Lemma zpow_limit_set_mdist_le {G : set_system nat} {PG : ProperFilter G}
    {V : nat -> set X} {k : nat -> nat} {x : X} {del : R} {n : int} {a b : X} :
  cancel f g -> continuous f -> continuous g ->
  (forall K, G [set m | (K <= k m)%N]) ->
  (forall m, V m `<=` local_stable_set f del x) ->
  limit_set G (fun m => iter (k m) f @` V m) a ->
  limit_set G (fun m => iter (k m) f @` V m) b ->
  d (zpow f g n a) (zpow f g n b) <= 2 * del.
Proof.
move=> fg cf cg kG Vx La Lb; rewrite leNgt; apply/negP => far.
set r := (d (zpow f g n a) (zpow f g n b) - 2 * del) / 2.
have r0 : 0 < r by rewrite divr_gt0 // subr_gt0.
have cz := continuous_zpow n cf cg.
have [m [[[_ [[v1 Vv1 <-] near1]] [_ [[v2 Vv2 <-] near2]]] km]] :=
  filter_ex (filterI (filterI (La _ (near_continuous_mdist a cz r0))
    (Lb _ (near_continuous_mdist b cz r0))) (kG `|n|%N)).
have [j jE] := zpow_iter fg km.
move: near1 near2; rewrite /= !jE => near1 near2.
have := mdist_triangle3 (zpow f g n a) (iter j f v1) (iter j f v2) (zpow f g n b).
have := metric_triangle (iter j f v1) (iter j f x) (iter j f v2).
have := Vx m v1 Vv1 j; have := Vx m v2 Vv2 j.
rewrite [d (iter j f v1) (iter j f x)]metric_sym.
rewrite [d (iter j f v2) (zpow f g n b)]metric_sym.
by move: near1 near2 far; rewrite /r; lra.
Qed.

Lemma cw_expansive_weak_sink {al del : R} {x y : X} :
  peano_continuum (X := X) -> homeomorphism_with f g ->
  (forall C : set X, continuum C -> nontrivial C ->
    exists n a b, [/\ C a, C b & al < d (zpow f g n a) (zpow f g n b)]) ->
  2 * del < al -> nbhs y (local_stable_set f del x) -> weak_sink f y.
Proof.
move=> [cX _ lcX _] [fg _ cf cg] cw del_al Wy ep ep0; apply: contrapT => nWy.
have [V /choice[z /choice[k escape]]] :=
  choice (fun m => escaping_continuum m lcX cf ep0 nWy Wy).
have [G [GU oG]] := @ultraFilterLemma nat \oo _.
have kG K : G [set m | (K <= k m)%N].
  apply: oG; exists K => // m /= Km.
  by apply: leq_trans Km _; case: (escape m) => _ [].
pose D m := iter (k m) f @` V m.
have [q yq] := compact_ultra_cvg G (fun m => iter (k m) f y) cX GU.
have [q' zq'] := compact_ultra_cvg G (fun m => iter (k m) f (z m)) cX GU.
have Dq : limit_set G D q.
  apply: limit_set_cvg yq; apply: nearW => m.
  by exists y => //; case: (escape m) => -[].
have Dq' : limit_set G D q'.
  apply: limit_set_cvg zq'; apply: nearW => m.
  by exists (z m) => //; case: (escape m) => -[].
have qq' : q <> q'.
  by apply: (cvg_mdist_gt_neq ep0 _ yq zq') => m; case: (escape m) => _ [].
have Dcont : continuum (limit_set G D).
  apply: continuum_limit_set cX GU _ => m; have [[cV _ _ _] _] := escape m.
  by apply: connected_continuous_connected cV _; apply/continuous_subspaceT/continuous_iter.
have [n [a [b [Da Db far]]]] : exists n a b,
    [/\ limit_set G D a, limit_set G D b & al < d (zpow f g n a) (zpow f g n b)].
  by apply: (cw _ Dcont); exists q, q'.
have Vx m : V m `<=` local_stable_set f del x by case: (escape m) => -[].
have : d (zpow f g n a) (zpow f g n b) <= 2 * del.
  exact: zpow_limit_set_mdist_le fg cf cg kG Vx Da Db.
lra.
Qed.

Lemma sink_near_sink {x : X} :
  peano_continuum (X := X) -> homeomorphism_with f g -> cw_expansive f g ->
  sink f x -> \forall y \near x, sink f y.
Proof.
move=> pX hX /cw_expansive_separates[al al0 cw] [wx [e [e0 Wx]]].
pose del := Num.min e al / 4.
have min0 : 0 < Num.min e al by rewrite lt_min e0 al0.
have min_e : Num.min e al <= e by rewrite ge_min lexx.
have min_al : Num.min e al <= al by rewrite ge_min lexx orbT.
have del0 : 0 < del by rewrite divr_gt0.
apply: filterS (nbhs_interior (wx _ del0)) => y Wy; split.
  by apply: (cw_expansive_weak_sink pX hX cw _ Wy); rewrite /del; lra.
exists del; split => //.
by apply: (local_stable_set_stable Wx _ (nbhs_singleton Wy)); rewrite /del; lra.
Qed.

○ ○ ○ ○

Directions ->
Transcribe the data above so that every line matches exactly.

Task answer ->
Lemma zpow_limit_set_mdist_le {G : set_system nat} {PG : ProperFilter G}
    {V : nat -> set X} {k : nat -> nat} {x : X} {del : R} {n : int} {a b : X} :
  cancel f g -> continuous f -> continuous g ->
  (forall K, G [set m | (K <= k m)%N]) ->
  (forall m, V m `<=` local_stable_set f del x) ->
  limit_set G (fun m => iter (k m) f @` V m) a ->
  limit_set G (fun m => iter (k m) f @` V m) b ->
  d (zpow f g n a) (zpow f g n b) <= 2 * del.
Proof.
move=> fg cf cg kG Vx La Lb; rewrite leNgt; apply/negP => far.
set r := (d (zpow f g n a) (zpow f g n b) - 2 * del) / 2.
have r0 : 0 < r by rewrite divr_gt0 // subr_gt0.
have cz := continuous_zpow n cf cg.
have [m [[[_ [[v1 Vv1 <-] near1]] [_ [[v2 Vv2 <-] near2]]] km]] :=
  filter_ex (filterI (filterI (La _ (near_continuous_mdist a cz r0))
    (Lb _ (near_continuous_mdist b cz r0))) (kG `|n|%N)).
have [j jE] := zpow_iter fg km.
move: near1 near2; rewrite /= !jE => near1 near2.
have := mdist_triangle3 (zpow f g n a) (iter j f v1) (iter j f v2) (zpow f g n b).
have := metric_triangle (iter j f v1) (iter j f x) (iter j f v2).
have := Vx m v1 Vv1 j; have := Vx m v2 Vv2 j.
rewrite [d (iter j f v1) (iter j f x)]metric_sym.
rewrite [d (iter j f v2) (zpow f g n b)]metric_sym.
by move: near1 near2 far; rewrite /r; lra.
Qed.

Lemma cw_expansive_weak_sink {al del : R} {x y : X} :
  peano_continuum (X := X) -> homeomorphism_with f g ->
  (forall C : set X, continuum C -> nontrivial C ->
    exists n a b, [/\ C a, C b & al < d (zpow f g n a) (zpow f g n b)]) ->
  2 * del < al -> nbhs y (local_stable_set f del x) -> weak_sink f y.
Proof.
move=> [cX _ lcX _] [fg _ cf cg] cw del_al Wy ep ep0; apply: contrapT => nWy.
have [V /choice[z /choice[k escape]]] :=
  choice (fun m => escaping_continuum m lcX cf ep0 nWy Wy).
have [G [GU oG]] := @ultraFilterLemma nat \oo _.
have kG K : G [set m | (K <= k m)%N].
  apply: oG; exists K => // m /= Km.
  by apply: leq_trans Km _; case: (escape m) => _ [].
pose D m := iter (k m) f @` V m.
have [q yq] := compact_ultra_cvg G (fun m => iter (k m) f y) cX GU.
have [q' zq'] := compact_ultra_cvg G (fun m => iter (k m) f (z m)) cX GU.
have Dq : limit_set G D q.
  apply: limit_set_cvg yq; apply: nearW => m.
  by exists y => //; case: (escape m) => -[].
have Dq' : limit_set G D q'.
  apply: limit_set_cvg zq'; apply: nearW => m.
  by exists (z m) => //; case: (escape m) => -[].
have qq' : q <> q'.
  by apply: (cvg_mdist_gt_neq ep0 _ yq zq') => m; case: (escape m) => _ [].
have Dcont : continuum (limit_set G D).
  apply: continuum_limit_set cX GU _ => m; have [[cV _ _ _] _] := escape m.
  by apply: connected_continuous_connected cV _; apply/continuous_subspaceT/continuous_iter.
have [n [a [b [Da Db far]]]] : exists n a b,
    [/\ limit_set G D a, limit_set G D b & al < d (zpow f g n a) (zpow f g n b)].
  by apply: (cw _ Dcont); exists q, q'.
have Vx m : V m `<=` local_stable_set f del x by case: (escape m) => -[].
have : d (zpow f g n a) (zpow f g n b) <= 2 * del.
  exact: zpow_limit_set_mdist_le fg cf cg kG Vx Da Db.
lra.
Qed.

Lemma sink_near_sink {x : X} :
  peano_continuum (X := X) -> homeomorphism_with f g -> cw_expansive f g ->
  sink f x -> \forall y \near x, sink f y.
Proof.
move=> pX hX /cw_expansive_separates[al al0 cw] [wx [e [e0 Wx]]].
pose del := Num.min e al / 4.
have min0 : 0 < Num.min e al by rewrite lt_min e0 al0.
have min_e : Num.min e al <= e by rewrite ge_min lexx.
have min_al : Num.min e al <= al by rewrite ge_min lexx orbT.
have del0 : 0 < del by rewrite divr_gt0.
apply: filterS (nbhs_interior (wx _ del0)) => y Wy; split.
  by apply: (cw_expansive_weak_sink pX hX cw _ Wy); rewrite /del; lra.
exists del; split => //.
by apply: (local_stable_set_stable Wx _ (nbhs_singleton Wy)); rewrite /del; lra.
Qed.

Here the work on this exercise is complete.